#### WHAT YOU WILL DO:
Everything from the first line of the material below through the line containing "Proof. by apply: bigsetI_measurable" must be retyped exactly, and nothing past it.

━━━━━━━━━━

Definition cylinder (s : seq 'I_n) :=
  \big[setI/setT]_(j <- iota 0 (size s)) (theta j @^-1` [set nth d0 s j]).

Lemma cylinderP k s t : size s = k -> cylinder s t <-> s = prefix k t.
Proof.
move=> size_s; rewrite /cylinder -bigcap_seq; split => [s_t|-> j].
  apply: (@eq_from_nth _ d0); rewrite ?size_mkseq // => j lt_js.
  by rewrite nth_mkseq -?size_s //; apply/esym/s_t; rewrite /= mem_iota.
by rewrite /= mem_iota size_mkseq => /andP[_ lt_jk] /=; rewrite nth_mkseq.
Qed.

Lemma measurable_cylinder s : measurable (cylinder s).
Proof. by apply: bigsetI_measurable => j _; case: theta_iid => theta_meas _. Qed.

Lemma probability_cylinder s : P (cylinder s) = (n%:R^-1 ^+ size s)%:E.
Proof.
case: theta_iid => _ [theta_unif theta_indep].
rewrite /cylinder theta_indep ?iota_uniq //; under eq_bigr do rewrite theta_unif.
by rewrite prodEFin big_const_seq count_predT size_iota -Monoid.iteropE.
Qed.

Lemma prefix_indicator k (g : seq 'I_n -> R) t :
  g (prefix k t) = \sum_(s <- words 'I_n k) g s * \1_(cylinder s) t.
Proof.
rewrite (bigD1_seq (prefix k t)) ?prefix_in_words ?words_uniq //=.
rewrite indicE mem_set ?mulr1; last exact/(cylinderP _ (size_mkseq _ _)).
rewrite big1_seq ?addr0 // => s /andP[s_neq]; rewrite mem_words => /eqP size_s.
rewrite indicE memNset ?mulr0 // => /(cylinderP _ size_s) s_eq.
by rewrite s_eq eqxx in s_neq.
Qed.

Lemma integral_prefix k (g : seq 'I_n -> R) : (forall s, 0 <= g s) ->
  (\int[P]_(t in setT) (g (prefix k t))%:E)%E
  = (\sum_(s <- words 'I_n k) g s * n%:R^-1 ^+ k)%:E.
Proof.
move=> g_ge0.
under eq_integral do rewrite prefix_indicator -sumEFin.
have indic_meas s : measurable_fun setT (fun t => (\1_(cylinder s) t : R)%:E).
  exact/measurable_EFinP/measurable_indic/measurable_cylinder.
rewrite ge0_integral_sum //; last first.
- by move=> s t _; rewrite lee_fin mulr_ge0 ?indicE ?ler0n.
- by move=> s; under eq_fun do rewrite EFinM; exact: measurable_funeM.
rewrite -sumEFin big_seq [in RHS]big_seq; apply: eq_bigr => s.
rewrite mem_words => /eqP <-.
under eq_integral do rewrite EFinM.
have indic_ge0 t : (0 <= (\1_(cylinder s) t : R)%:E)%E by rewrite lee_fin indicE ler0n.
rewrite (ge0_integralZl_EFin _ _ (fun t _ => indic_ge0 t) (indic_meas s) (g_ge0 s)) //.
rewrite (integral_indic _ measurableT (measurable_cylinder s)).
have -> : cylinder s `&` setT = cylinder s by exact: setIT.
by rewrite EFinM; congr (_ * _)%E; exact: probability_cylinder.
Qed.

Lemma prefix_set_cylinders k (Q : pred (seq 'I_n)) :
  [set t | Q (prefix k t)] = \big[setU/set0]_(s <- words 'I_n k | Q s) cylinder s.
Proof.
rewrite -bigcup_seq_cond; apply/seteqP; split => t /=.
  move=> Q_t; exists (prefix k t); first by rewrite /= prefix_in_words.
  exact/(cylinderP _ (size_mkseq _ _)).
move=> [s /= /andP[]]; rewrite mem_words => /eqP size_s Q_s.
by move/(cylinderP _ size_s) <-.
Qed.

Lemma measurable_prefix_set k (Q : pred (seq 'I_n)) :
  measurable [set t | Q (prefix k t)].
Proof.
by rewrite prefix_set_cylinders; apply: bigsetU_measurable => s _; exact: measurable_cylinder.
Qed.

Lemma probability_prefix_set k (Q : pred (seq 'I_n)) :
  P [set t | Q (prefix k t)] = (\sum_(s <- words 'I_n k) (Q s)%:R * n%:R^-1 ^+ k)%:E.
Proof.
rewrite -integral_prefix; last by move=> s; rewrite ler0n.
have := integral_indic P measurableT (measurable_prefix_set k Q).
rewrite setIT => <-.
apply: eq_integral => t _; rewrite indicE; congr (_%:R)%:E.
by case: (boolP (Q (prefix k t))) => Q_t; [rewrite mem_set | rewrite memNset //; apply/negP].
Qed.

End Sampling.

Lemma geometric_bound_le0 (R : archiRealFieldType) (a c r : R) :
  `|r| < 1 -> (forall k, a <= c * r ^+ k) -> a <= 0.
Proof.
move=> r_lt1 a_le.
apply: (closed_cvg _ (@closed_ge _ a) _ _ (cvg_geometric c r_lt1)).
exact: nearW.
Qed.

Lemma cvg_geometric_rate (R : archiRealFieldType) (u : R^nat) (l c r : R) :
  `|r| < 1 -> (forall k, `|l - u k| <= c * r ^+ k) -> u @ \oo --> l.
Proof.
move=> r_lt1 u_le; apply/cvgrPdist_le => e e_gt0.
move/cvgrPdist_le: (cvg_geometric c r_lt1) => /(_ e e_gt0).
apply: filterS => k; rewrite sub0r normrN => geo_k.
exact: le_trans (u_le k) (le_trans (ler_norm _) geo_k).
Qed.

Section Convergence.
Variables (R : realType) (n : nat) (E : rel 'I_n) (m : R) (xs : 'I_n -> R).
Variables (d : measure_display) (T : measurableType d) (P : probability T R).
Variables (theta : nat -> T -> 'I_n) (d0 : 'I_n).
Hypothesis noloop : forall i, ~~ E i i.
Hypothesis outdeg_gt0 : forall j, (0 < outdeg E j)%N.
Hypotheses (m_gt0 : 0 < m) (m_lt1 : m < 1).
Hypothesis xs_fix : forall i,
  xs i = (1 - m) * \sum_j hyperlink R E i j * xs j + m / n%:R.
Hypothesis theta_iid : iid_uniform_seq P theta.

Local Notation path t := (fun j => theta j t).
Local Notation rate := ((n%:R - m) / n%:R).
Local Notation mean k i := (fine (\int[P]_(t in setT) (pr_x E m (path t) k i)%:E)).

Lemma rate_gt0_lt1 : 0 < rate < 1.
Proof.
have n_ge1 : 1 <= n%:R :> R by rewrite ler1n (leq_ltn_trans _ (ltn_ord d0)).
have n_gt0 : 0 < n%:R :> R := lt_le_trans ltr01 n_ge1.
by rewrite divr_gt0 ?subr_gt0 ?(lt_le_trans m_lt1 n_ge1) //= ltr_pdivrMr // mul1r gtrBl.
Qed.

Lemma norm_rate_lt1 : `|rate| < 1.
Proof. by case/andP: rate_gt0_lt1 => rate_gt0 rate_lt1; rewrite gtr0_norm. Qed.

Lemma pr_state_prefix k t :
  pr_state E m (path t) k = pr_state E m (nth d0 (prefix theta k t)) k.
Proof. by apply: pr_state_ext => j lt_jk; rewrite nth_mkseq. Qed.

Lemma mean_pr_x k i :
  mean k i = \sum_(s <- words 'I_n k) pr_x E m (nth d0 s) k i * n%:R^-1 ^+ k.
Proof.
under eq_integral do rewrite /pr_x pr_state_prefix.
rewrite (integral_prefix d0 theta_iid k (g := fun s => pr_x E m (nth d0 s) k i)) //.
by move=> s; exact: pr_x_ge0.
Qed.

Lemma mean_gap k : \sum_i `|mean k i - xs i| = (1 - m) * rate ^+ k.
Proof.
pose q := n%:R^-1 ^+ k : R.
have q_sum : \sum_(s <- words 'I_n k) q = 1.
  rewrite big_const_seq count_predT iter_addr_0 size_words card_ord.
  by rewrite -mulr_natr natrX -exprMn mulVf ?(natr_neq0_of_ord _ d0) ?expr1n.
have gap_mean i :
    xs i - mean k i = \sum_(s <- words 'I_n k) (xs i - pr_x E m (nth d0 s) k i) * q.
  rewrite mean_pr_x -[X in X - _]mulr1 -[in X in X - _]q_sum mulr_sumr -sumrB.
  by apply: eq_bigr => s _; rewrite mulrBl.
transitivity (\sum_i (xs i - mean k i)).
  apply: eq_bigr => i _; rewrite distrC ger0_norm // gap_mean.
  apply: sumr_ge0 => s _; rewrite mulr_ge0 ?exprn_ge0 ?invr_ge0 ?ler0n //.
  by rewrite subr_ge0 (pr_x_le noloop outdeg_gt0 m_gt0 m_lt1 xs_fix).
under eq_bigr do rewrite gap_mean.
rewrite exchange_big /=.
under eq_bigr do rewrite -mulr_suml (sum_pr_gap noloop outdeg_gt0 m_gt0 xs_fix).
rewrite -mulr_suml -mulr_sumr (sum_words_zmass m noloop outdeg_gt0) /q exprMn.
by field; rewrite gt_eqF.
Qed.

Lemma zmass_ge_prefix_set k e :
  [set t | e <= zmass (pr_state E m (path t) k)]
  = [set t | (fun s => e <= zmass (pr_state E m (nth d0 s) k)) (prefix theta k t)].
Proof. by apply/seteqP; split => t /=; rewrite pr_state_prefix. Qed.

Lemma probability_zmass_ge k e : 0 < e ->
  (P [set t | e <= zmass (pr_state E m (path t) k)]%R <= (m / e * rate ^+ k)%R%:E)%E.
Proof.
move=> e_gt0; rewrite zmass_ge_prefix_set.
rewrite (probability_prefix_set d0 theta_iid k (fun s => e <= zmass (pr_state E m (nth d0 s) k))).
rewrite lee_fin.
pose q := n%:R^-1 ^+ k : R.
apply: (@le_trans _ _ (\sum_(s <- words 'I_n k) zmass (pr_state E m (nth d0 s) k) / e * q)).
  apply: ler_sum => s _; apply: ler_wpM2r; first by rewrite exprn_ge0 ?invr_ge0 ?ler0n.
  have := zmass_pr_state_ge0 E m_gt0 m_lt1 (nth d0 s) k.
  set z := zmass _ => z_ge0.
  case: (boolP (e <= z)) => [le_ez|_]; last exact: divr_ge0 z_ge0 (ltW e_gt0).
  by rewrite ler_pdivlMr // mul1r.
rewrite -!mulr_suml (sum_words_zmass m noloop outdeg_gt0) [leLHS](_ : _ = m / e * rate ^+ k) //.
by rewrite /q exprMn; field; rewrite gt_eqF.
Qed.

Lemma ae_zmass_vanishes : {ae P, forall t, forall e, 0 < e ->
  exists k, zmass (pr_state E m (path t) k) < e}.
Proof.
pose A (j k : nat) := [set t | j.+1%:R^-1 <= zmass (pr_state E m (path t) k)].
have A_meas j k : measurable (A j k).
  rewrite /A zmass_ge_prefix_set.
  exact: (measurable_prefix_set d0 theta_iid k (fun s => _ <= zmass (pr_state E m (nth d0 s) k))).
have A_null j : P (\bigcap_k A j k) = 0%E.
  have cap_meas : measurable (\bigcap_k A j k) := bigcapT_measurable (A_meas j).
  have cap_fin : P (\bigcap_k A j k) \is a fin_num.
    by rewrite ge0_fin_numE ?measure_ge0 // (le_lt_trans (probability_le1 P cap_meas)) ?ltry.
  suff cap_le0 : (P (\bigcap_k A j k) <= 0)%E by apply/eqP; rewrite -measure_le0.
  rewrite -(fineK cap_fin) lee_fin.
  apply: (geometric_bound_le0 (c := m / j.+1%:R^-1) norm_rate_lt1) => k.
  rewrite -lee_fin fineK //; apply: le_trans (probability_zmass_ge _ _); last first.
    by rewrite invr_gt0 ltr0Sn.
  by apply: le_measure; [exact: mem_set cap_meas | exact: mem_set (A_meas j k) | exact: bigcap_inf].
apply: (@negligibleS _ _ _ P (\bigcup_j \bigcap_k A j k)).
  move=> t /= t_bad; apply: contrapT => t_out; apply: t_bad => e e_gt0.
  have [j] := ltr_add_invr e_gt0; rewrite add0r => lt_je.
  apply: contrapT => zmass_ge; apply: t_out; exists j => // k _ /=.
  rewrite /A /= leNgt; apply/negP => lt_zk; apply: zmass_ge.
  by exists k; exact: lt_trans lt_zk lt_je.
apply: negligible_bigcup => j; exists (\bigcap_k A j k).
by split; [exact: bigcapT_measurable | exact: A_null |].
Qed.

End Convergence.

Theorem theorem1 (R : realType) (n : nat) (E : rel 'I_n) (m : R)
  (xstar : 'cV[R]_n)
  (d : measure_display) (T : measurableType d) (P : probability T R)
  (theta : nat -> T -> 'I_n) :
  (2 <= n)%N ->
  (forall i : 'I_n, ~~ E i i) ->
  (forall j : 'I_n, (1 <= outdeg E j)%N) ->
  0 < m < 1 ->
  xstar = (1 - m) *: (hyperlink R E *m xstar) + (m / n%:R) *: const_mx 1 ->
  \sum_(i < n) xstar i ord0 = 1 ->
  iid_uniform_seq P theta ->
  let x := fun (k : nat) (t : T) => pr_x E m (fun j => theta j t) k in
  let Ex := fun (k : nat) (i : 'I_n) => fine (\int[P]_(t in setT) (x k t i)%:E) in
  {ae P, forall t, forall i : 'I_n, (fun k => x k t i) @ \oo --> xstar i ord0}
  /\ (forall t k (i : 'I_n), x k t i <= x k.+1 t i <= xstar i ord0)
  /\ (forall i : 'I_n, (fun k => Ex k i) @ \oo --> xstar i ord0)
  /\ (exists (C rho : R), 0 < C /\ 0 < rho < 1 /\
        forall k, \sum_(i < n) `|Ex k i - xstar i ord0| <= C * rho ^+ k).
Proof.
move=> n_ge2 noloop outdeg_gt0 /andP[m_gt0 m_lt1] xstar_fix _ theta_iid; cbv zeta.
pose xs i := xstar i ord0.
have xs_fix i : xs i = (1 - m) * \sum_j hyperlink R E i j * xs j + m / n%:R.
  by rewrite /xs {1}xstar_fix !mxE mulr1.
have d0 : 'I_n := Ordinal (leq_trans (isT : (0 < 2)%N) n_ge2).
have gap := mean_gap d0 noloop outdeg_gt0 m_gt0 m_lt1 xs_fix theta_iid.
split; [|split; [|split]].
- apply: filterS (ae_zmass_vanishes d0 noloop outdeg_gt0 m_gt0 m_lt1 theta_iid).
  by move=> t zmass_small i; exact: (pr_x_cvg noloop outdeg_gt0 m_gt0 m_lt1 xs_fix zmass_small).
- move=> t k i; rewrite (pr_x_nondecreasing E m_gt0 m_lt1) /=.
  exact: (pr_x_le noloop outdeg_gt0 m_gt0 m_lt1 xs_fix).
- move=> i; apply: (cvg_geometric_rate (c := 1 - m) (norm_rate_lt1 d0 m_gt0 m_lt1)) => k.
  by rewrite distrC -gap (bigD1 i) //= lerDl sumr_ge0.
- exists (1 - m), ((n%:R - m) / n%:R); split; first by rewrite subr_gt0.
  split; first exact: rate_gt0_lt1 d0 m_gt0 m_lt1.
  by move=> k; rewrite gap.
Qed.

━━━━━━━━━━

#### SOLUTION TO THIS PROBLEM:
Definition cylinder (s : seq 'I_n) :=
  \big[setI/setT]_(j <- iota 0 (size s)) (theta j @^-1` [set nth d0 s j]).

Lemma cylinderP k s t : size s = k -> cylinder s t <-> s = prefix k t.
Proof.
move=> size_s; rewrite /cylinder -bigcap_seq; split => [s_t|-> j].
  apply: (@eq_from_nth _ d0); rewrite ?size_mkseq // => j lt_js.
  by rewrite nth_mkseq -?size_s //; apply/esym/s_t; rewrite /= mem_iota.
by rewrite /= mem_iota size_mkseq => /andP[_ lt_jk] /=; rewrite nth_mkseq.
Qed.

Lemma measurable_cylinder s : measurable (cylinder s).
Proof. by apply: bigsetI_measurable => j _; case: theta_iid => theta_meas _. Qed.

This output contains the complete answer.